PROBLEM STATEMENT
From the listing below, reproduce word for word the part that opens with the line containing "have v0V : (v0 <= V (j + 2))%N." and closes with the line containing "(1 <= d)%N -> is_frame U V ->"; reproduce nothing else.

MATERIAL FOR THE TASK

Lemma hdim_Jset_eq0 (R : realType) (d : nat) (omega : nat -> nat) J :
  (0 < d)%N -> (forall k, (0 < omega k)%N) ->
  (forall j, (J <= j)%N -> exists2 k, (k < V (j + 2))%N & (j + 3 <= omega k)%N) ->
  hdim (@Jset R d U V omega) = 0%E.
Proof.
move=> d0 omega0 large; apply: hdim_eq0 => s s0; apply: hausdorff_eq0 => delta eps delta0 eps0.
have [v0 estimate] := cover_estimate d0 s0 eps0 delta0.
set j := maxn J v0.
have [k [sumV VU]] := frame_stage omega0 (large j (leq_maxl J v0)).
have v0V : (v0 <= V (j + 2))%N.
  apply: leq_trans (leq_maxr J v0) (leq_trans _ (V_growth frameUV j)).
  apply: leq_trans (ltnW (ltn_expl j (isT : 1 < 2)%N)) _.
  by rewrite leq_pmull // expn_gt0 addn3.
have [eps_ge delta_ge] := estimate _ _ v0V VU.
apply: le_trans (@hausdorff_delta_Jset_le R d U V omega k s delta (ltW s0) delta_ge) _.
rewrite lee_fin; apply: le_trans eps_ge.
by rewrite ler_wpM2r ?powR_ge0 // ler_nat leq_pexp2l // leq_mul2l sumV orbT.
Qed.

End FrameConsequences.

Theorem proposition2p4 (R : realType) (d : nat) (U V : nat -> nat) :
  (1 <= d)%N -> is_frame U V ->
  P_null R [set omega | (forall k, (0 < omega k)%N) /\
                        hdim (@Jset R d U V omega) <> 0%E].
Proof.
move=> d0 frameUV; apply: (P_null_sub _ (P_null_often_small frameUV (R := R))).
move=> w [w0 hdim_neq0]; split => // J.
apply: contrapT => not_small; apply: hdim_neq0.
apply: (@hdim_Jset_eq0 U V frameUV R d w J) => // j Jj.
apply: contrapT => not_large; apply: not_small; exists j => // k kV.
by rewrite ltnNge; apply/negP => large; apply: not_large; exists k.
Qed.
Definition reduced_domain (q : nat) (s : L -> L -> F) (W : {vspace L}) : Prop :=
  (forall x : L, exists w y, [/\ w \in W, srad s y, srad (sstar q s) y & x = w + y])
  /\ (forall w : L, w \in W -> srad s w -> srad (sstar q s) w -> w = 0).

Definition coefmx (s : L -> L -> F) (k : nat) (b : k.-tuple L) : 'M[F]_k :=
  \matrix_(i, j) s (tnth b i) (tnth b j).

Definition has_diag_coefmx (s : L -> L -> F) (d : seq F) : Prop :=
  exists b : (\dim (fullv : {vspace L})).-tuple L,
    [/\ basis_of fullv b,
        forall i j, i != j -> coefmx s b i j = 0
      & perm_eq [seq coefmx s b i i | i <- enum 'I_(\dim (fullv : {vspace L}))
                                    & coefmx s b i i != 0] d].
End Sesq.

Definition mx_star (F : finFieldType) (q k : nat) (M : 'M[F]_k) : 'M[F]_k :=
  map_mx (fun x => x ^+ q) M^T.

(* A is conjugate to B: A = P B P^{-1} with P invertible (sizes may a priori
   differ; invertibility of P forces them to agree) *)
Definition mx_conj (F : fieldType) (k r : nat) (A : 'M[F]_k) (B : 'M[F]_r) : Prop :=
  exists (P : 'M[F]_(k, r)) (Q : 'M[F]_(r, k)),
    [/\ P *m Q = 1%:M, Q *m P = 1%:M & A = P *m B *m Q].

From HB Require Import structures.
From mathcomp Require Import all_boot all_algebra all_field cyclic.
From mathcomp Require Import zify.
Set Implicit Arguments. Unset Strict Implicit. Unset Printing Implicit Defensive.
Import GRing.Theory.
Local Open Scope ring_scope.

RESPONSE AREA
have v0V : (v0 <= V (j + 2))%N.
  apply: leq_trans (leq_maxr J v0) (leq_trans _ (V_growth frameUV j)).
  apply: leq_trans (ltnW (ltn_expl j (isT : 1 < 2)%N)) _.
  by rewrite leq_pmull // expn_gt0 addn3.
have [eps_ge delta_ge] := estimate _ _ v0V VU.
apply: le_trans (@hausdorff_delta_Jset_le R d U V omega k s delta (ltW s0) delta_ge) _.
rewrite lee_fin; apply: le_trans eps_ge.
by rewrite ler_wpM2r ?powR_ge0 // ler_nat leq_pexp2l // leq_mul2l sumV orbT.
Qed.

End FrameConsequences.

Theorem proposition2p4 (R : realType) (d : nat) (U V : nat -> nat) :
  (1 <= d)%N -> is_frame U V ->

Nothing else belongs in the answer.